● What to do
Go to the line in the entries below that holds "Fixpoint sum_idx (n" and repeat exactly from there through the line that holds "Definition vzero (n", inclusive.
Top of Provided information
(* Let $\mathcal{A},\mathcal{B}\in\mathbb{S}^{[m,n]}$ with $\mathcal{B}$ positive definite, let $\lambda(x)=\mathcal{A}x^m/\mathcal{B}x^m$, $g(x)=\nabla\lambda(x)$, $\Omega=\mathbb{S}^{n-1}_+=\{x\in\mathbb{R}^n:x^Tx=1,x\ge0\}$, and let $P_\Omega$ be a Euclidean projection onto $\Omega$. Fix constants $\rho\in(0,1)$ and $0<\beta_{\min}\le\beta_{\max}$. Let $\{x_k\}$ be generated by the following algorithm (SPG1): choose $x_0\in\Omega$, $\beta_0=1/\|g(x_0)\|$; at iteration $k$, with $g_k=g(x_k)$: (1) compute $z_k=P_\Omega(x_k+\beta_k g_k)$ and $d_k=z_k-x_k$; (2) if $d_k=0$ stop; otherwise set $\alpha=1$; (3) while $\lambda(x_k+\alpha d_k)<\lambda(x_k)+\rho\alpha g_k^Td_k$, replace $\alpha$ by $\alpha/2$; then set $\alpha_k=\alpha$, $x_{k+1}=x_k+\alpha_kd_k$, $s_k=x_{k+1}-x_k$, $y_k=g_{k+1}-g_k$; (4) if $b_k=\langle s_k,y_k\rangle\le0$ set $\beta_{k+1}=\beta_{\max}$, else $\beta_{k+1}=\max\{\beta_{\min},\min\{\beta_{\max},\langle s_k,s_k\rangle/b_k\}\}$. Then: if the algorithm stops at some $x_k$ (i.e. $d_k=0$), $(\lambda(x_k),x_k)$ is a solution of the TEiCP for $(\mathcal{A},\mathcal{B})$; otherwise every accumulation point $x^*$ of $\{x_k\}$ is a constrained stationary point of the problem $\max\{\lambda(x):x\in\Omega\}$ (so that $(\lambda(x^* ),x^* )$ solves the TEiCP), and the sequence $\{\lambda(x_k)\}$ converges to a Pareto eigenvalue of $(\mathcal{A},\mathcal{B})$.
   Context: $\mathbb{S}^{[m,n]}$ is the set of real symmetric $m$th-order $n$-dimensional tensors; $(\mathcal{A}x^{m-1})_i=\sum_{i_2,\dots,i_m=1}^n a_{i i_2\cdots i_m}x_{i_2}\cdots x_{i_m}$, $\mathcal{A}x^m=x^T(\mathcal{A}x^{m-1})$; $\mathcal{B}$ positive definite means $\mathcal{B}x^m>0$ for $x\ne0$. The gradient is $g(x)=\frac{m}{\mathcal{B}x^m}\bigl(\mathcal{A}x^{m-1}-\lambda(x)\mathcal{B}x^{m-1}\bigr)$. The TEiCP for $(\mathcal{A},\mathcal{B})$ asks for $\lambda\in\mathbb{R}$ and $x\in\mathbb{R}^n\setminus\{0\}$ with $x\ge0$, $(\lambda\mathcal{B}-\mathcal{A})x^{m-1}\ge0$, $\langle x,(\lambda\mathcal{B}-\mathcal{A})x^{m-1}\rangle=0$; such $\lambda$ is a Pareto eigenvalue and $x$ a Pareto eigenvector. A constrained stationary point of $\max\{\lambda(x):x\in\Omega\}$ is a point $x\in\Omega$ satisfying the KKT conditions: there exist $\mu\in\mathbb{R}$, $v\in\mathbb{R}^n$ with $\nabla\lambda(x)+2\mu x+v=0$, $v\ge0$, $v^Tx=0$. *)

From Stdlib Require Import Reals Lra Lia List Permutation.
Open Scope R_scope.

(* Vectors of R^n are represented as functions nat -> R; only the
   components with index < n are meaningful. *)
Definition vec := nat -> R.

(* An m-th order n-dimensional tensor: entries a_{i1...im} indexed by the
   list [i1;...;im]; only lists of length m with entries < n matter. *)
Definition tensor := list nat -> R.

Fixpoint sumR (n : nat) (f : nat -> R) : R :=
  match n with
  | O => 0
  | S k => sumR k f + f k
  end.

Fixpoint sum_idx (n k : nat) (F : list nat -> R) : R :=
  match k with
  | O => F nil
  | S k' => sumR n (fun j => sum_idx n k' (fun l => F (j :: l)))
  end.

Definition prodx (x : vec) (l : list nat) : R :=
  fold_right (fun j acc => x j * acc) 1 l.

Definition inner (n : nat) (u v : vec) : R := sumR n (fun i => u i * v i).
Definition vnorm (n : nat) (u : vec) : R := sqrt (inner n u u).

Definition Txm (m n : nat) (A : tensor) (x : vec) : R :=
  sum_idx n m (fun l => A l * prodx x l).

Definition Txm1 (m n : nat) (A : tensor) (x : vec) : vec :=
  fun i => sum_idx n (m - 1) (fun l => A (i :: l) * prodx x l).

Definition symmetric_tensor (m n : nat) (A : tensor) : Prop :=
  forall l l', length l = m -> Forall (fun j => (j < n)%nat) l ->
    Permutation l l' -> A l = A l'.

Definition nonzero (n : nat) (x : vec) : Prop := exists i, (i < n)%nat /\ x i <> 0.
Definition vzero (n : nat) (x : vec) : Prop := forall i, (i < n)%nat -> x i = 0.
Bottom of Provided information
Top of Provided information
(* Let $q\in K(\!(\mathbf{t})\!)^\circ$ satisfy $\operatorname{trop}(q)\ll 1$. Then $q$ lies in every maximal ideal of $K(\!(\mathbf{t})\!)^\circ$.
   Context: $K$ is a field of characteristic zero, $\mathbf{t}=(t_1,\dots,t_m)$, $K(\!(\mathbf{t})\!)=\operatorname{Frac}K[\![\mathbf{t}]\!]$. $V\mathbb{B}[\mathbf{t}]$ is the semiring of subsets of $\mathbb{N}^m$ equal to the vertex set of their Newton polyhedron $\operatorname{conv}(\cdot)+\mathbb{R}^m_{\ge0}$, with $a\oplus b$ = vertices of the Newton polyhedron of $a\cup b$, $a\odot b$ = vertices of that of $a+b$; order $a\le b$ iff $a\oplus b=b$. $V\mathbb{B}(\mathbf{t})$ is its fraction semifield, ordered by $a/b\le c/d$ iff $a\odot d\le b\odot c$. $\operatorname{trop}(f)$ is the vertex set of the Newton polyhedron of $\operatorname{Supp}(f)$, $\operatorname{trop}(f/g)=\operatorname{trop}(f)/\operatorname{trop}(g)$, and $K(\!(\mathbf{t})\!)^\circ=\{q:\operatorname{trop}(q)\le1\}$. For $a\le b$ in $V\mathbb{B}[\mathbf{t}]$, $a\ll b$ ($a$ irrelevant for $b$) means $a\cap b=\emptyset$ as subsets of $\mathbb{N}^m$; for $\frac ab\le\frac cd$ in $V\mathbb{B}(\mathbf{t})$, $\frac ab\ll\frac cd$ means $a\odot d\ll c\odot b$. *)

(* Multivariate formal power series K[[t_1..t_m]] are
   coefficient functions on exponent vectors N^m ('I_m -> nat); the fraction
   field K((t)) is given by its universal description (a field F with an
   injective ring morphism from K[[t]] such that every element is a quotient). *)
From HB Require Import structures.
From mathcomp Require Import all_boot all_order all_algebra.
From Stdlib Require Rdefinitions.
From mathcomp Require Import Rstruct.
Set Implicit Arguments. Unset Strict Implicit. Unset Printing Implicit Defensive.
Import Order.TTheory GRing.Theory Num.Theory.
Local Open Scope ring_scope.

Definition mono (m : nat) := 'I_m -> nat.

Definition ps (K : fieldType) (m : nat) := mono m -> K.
Bottom of Provided information
● Answer space
Fixpoint sum_idx (n k : nat) (F : list nat -> R) : R :=
  match k with
  | O => F nil
  | S k' => sumR n (fun j => sum_idx n k' (fun l => F (j :: l)))
  end.

Definition prodx (x : vec) (l : list nat) : R :=
  fold_right (fun j acc => x j * acc) 1 l.

Definition inner (n : nat) (u v : vec) : R := sumR n (fun i => u i * v i).
Definition vnorm (n : nat) (u : vec) : R := sqrt (inner n u u).

Definition Txm (m n : nat) (A : tensor) (x : vec) : R :=
  sum_idx n m (fun l => A l * prodx x l).

Definition Txm1 (m n : nat) (A : tensor) (x : vec) : vec :=
  fun i => sum_idx n (m - 1) (fun l => A (i :: l) * prodx x l).

Definition symmetric_tensor (m n : nat) (A : tensor) : Prop :=
  forall l l', length l = m -> Forall (fun j => (j < n)%nat) l ->
    Permutation l l' -> A l = A l'.

Definition nonzero (n : nat) (x : vec) : Prop := exists i, (i < n)%nat /\ x i <> 0.
Definition vzero (n : nat) (x : vec) : Prop := forall i, (i < n)%nat -> x i = 0.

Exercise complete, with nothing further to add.